= Work to complete =
Give every line of the listing word for word, beginning at the first and including the line with "Definition is_cycle_set (S" as the last.

= Extracted data =
----------

(* Let $(S,* )$ be a finite cycle set of size $n\ge 2$ which is square-free (i.e. $s*s=s$ for all $s\in S$) and whose permutation group $\mathcal G$ is abelian. Then its class $d$ satisfies $$d\le a_n:=\max\Big\{\prod_{i=1}^k n_i \;\Big|\; k\in\mathbb N,\ 1\le n_1<\dots<n_k,\ n_1+\dots+n_k=n\Big\}.$$
   Context: A cycle set is a set $S$ with a binary operation $*$ such that for every $s$ the map $t\mapsto s*t$ is a bijection and $(s*t)*(s*u)=(t*s)*(t*u)$ for all $s,t,u$. Write $S=\{s_1,\dots,s_n\}$ and let $\psi(s)\in\mathfrak S_n$ satisfy $s_i*s_j=s_{\psi(s_i)(j)}$. The permutation group $\mathcal G$ is the subgroup of $\mathfrak S_n$ generated by $\psi(s_1),\dots,\psi(s_n)$. With $T(s)=s*s$ and $\psi_k(s)=\psi(T^{k-1}(s))\circ\cdots\circ\psi(T(s))\circ\psi(s)$, the (Dehornoy) class $d$ is the least integer $d\ge1$ such that $\psi_d(s)=\mathrm{id}$ for all $s\in S$. *)

From mathcomp Require Import all_boot all_order all_fingroup.
Set Implicit Arguments. Unset Strict Implicit. Unset Printing Implicit Defensive.

Local Open Scope group_scope.

Definition is_cycle_set (S : finType) (op : S -> S -> S) : Prop :=
  (forall s : S, bijective (op s)) /\
  (forall s t u : S, op (op s t) (op s u) = op (op t s) (op t u)).

Definition square_free (S : finType) (op : S -> S -> S) : Prop :=
  forall s : S, op s s = s.

Definition psi_of (S : finType) (op : S -> S -> S) (psi : S -> {perm S}) : Prop :=
  forall s t : S, psi s t = op s t.

Definition perm_group (S : finType) (psi : S -> {perm S}) : {set {perm S}} :=
  <<[set psi s | s : S]>>.

Definition Tmap (S : finType) (op : S -> S -> S) (s : S) : S := op s s.

(* psi_k(s) = psi(T^{k-1} s) o ... o psi(T s) o psi(s).
   In mathcomp, (p * q) x = q (p x), so the composite applying psi(s) first
   is the ordered product psi s * psi (T s) * ... * psi (T^{k-1} s). *)
Definition psi_k (S : finType) (op : S -> S -> S) (psi : S -> {perm S})
  (k : nat) (s : S) : {perm S} :=
  \prod_(i < k) psi (iter i (Tmap op) s).

Definition is_class (S : finType) (op : S -> S -> S) (psi : S -> {perm S})
  (d : nat) : Prop :=
  (1 <= d)%N /\ (forall s, psi_k op psi d s = 1) /\
  (forall d', (1 <= d')%N -> (d' < d)%N -> ~ (forall s, psi_k op psi d' s = 1)).

(* Strictly increasing sequences of positive integers correspond exactly to
   finite sets of positive integers (all <= n since the sum is n). *)
Definition a_seq (n : nat) : nat :=
  \max_(A : {set 'I_n.+1} | (ord0 \notin A) && (\sum_(i in A) (i : nat) == n))
     \prod_(i in A) (i : nat).

(* Since s * s = s, the map T is the identity and psi_k(s) = psi(s)^k, so every
   exponent of the group G annihilates all psi_k(s) and the class is at most
   exp(G).  As G is abelian, exp(G) is the order of a single permutation g.
   That order divides the product of the distinct cycle lengths of g, which are
   distinct positive integers of sum at most n; adding the missing amount to
   the largest of them yields a partition of n into distinct parts with a
   product that is no smaller, hence at most a_n. *)

From mathcomp Require Import all_boot all_order all_fingroup all_solvable.
From mathcomp Require Import zify.
Set Implicit Arguments. Unset Strict Implicit. Unset Printing Implicit Defensive.

Local Open Scope group_scope.

Lemma leq_prod_a_seq n (A : {set 'I_n.+1}) :
  ord0 \notin A -> (\sum_(i in A) (i : nat))%N = n ->
  (\prod_(i in A) (i : nat) <= a_seq n)%N.
Proof. by move=> A0 sumA; apply: leq_bigmax_cond; rewrite A0 sumA eqxx. Qed.

Lemma exists_distinct_parts_completion n (D : {set 'I_n.+1}) :
  (0 < n)%N -> ord0 \notin D -> (\sum_(i in D) (i : nat) <= n)%N ->
  exists2 A : {set 'I_n.+1},
    (ord0 \notin A) /\ (\sum_(i in A) (i : nat))%N = n &
    (\prod_(i in D) (i : nat) <= \prod_(i in A) (i : nat))%N.
Proof.
move=> n_gt0 D0 sumD.
have [->|[i0 i0D]] := set_0Vmem D.
  exists [set ord_max]; last by rewrite big_set0 big_set1.
  by rewrite in_set1 big_set1 -val_eqE /=; split=> //; lia.
have [m mD m_max] := arg_maxnP (fun i : 'I_n.+1 => i : nat) i0D.
have m_gt0 : (0 < m)%N.
  rewrite lt0n; apply: contra D0 => /eqP m0.
  by rewrite (_ : ord0 = m) //; apply/val_inj; rewrite /= m0.
have sumDE : (\sum_(i in D) (i : nat) = m + \sum_(i in D :\ m) (i : nat))%N.
  by rewrite (big_setD1 m mD).
pose r := (n - \sum_(i in D) (i : nat))%N.
pose m' : 'I_n.+1 := inord (m + r).
have m'E : (m' : nat) = (m + r)%N by rewrite inordK // ltnS /r; lia.
have m'_notin : m' \notin D :\ m.
  apply/setD1P => -[m'_neq_m m'D]; have := m_max _ m'D.
  rewrite m'E => le_m'_m; move/eqP: m'_neq_m; apply; apply/val_inj.
  by rewrite /= m'E; lia.
exists (m' |: (D :\ m)).
  rewrite big_setU1 //= m'E !inE negb_or negb_and D0 orbT andbT -val_eqE /= m'E.
  rewrite eq_sym -lt0n ltn_addr //; split=> //.
  by move: sumD; rewrite /r sumDE => sumD; rewrite addnAC subnKC.
by rewrite (big_setD1 m mD) big_setU1 //= m'E leq_mul2r leq_addr orbT.
Qed.

Lemma leq_prod_a_seq_sum_le n (D : {set 'I_n.+1}) :
  (0 < n)%N -> ord0 \notin D -> (\sum_(i in D) (i : nat) <= n)%N ->
  (\prod_(i in D) (i : nat) <= a_seq n)%N.
Proof.
move=> n_gt0 D0 sumD.
have [A [A0 sumA] leDA] := exists_distinct_parts_completion n_gt0 D0 sumD.
exact: leq_trans leDA (leq_prod_a_seq A0 sumA).
Qed.

Section CycleLengths.

Variables (S : finType) (x : {perm S}).

Definition porbit_size (y : S) : 'I_#|S|.+1 := inord #|porbit x y|.

Definition cycle_lengths : {set 'I_#|S|.+1} := [set porbit_size y | y : S].

Lemma porbit_sizeE y : porbit_size y = #|porbit x y| :> nat.
Proof. by rewrite inordK // ltnS max_card. Qed.

Lemma mem_cycle_lengths y : porbit_size y \in cycle_lengths.
Proof. exact: imset_f. Qed.

Lemma cycle_lengthsP i : reflect (exists y, i = porbit_size y) (i \in cycle_lengths).
Proof. by apply: (iffP imsetP) => [[y _ ->]|[y ->]]; exists y. Qed.

Lemma cycle_lengths0 : ord0 \notin cycle_lengths.
Proof.
apply/cycle_lengthsP => -[y /(congr1 val) /=]; rewrite porbit_sizeE => /esym/eqP.
by rewrite (negbTE (card_porbit_neq0 x y)).
Qed.

Lemma sum_cycle_lengths : (\sum_(i in cycle_lengths) (i : nat) <= #|S|)%N.
Proof.
pose fiber i := [set y | porbit_size y == i].
have le_fiber i : i \in cycle_lengths -> (i <= #|fiber i|)%N.
  case/cycle_lengthsP=> y ->; rewrite porbit_sizeE; apply: subset_leq_card.
  apply/subsetP=> z z_y; rewrite inE; apply/eqP/val_inj.
  rewrite /= !porbit_sizeE.
  by have /eqP -> : porbit x z == porbit x y by rewrite eq_porbit_mem.
apply: (@leq_trans (\sum_(i in cycle_lengths) #|fiber i|)); first exact: leq_sum.
rewrite -[leqRHS]sum1_card.
rewrite (partition_big porbit_size (mem cycle_lengths)) => [|y _]; last first.
  exact: mem_cycle_lengths.
apply: leq_sum => i _; rewrite -sum1_card; apply: eq_leq.
by apply: eq_bigl => y; rewrite inE.
Qed.

Lemma order_dvdn_prod_cycle_lengths : (#[x] %| \prod_(i in cycle_lengths) (i : nat))%N.
Proof.
rewrite order_dvdn; apply/eqP/permP => y; rewrite perm1.
rewrite (big_setD1 _ (mem_cycle_lengths y)) /= porbit_sizeE expgM.
by apply: permX_fix; rewrite permX iter_porbit.
Qed.

End CycleLengths.

Lemma order_perm_le_a_seq (S : finType) (x : {perm S}) :
  (0 < #|S|)%N -> (#[x] <= a_seq #|S|)%N.
Proof.
move=> S_gt0; apply: leq_trans (leq_prod_a_seq_sum_le S_gt0 (cycle_lengths0 x)
  (sum_cycle_lengths x)).
apply: dvdn_leq (order_dvdn_prod_cycle_lengths x).
rewrite big_mkcond /=; apply: prodn_gt0 => i; case: ifP => // /cycle_lengthsP[y ->].
by rewrite porbit_sizeE lt0n card_porbit_neq0.
Qed.

Lemma psi_k_square_free (S : finType) (op : S -> S -> S) (psi : S -> {perm S}) k s :
  square_free op -> psi_k op psi k s = psi s ^+ k.
Proof.
move=> sqf; rewrite /psi_k (eq_bigr (fun=> psi s)) => [|i _]; last first.
  by rewrite iter_fix // /Tmap sqf.
by rewrite big_const_ord; elim: k => // k IH; rewrite iterS IH expgS.
Qed.

Lemma exists_class_le (S : finType) (op : S -> S -> S) (psi : S -> {perm S}) e :
  (0 < e)%N -> (forall s, psi_k op psi e s = 1) ->
  exists2 d : nat, is_class op psi d & (d <= e)%N.
Proof.
move=> e_gt0 psi_e.
pose annihilates d := (0 < d)%N && [forall s, psi_k op psi d s == 1].
have annihilatesP d : (0 < d)%N -> (forall s, psi_k op psi d s = 1) -> annihilates d.
  by move=> d_gt0 psi_d; rewrite /annihilates d_gt0; apply/forallP => s; rewrite psi_d.
have ex_e : exists d, annihilates d by exists e; exact: annihilatesP.
have [d /andP[d_gt0 /forallP psi_d] d_min] := ex_minnP ex_e.
exists d; last exact/d_min/annihilatesP.
split=> //; split=> [s|d' d'_gt0 lt_d'd psi_d']; first exact/eqP.
by have := d_min d' (annihilatesP d' d'_gt0 psi_d'); rewrite leqNgt lt_d'd.
Qed.

Theorem mainTheorem4 (S : finType) (op : S -> S -> S) (psi : S -> {perm S}) :
  is_cycle_set op -> psi_of op psi -> (2 <= #|S|)%N -> square_free op ->
  abelian (perm_group psi) ->
  exists d : nat, is_class op psi d /\ (d <= a_seq #|S|)%N.
Proof.
move=> _ _ S_ge2 sqf abG.
have psi_exp s : psi_k op psi (exponent (perm_group psi)) s = 1.
  rewrite psi_k_square_free //; apply: expg_exponent.
  by rewrite mem_gen // imset_f.
have [d class_d le_d_exp] := exists_class_le (exponent_gt0 _) psi_exp.
exists d; split=> //; apply: leq_trans le_d_exp _.
have [g _ ->] := exponent_witness (abelian_nil abG).
by apply: order_perm_le_a_seq; lia.
Qed.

----------

= Solution =
(* Let $(S,* )$ be a finite cycle set of size $n\ge 2$ which is square-free (i.e. $s*s=s$ for all $s\in S$) and whose permutation group $\mathcal G$ is abelian. Then its class $d$ satisfies $$d\le a_n:=\max\Big\{\prod_{i=1}^k n_i \;\Big|\; k\in\mathbb N,\ 1\le n_1<\dots<n_k,\ n_1+\dots+n_k=n\Big\}.$$
   Context: A cycle set is a set $S$ with a binary operation $*$ such that for every $s$ the map $t\mapsto s*t$ is a bijection and $(s*t)*(s*u)=(t*s)*(t*u)$ for all $s,t,u$. Write $S=\{s_1,\dots,s_n\}$ and let $\psi(s)\in\mathfrak S_n$ satisfy $s_i*s_j=s_{\psi(s_i)(j)}$. The permutation group $\mathcal G$ is the subgroup of $\mathfrak S_n$ generated by $\psi(s_1),\dots,\psi(s_n)$. With $T(s)=s*s$ and $\psi_k(s)=\psi(T^{k-1}(s))\circ\cdots\circ\psi(T(s))\circ\psi(s)$, the (Dehornoy) class $d$ is the least integer $d\ge1$ such that $\psi_d(s)=\mathrm{id}$ for all $s\in S$. *)

From mathcomp Require Import all_boot all_order all_fingroup.
Set Implicit Arguments. Unset Strict Implicit. Unset Printing Implicit Defensive.

Local Open Scope group_scope.

Definition is_cycle_set (S : finType) (op : S -> S -> S) : Prop :=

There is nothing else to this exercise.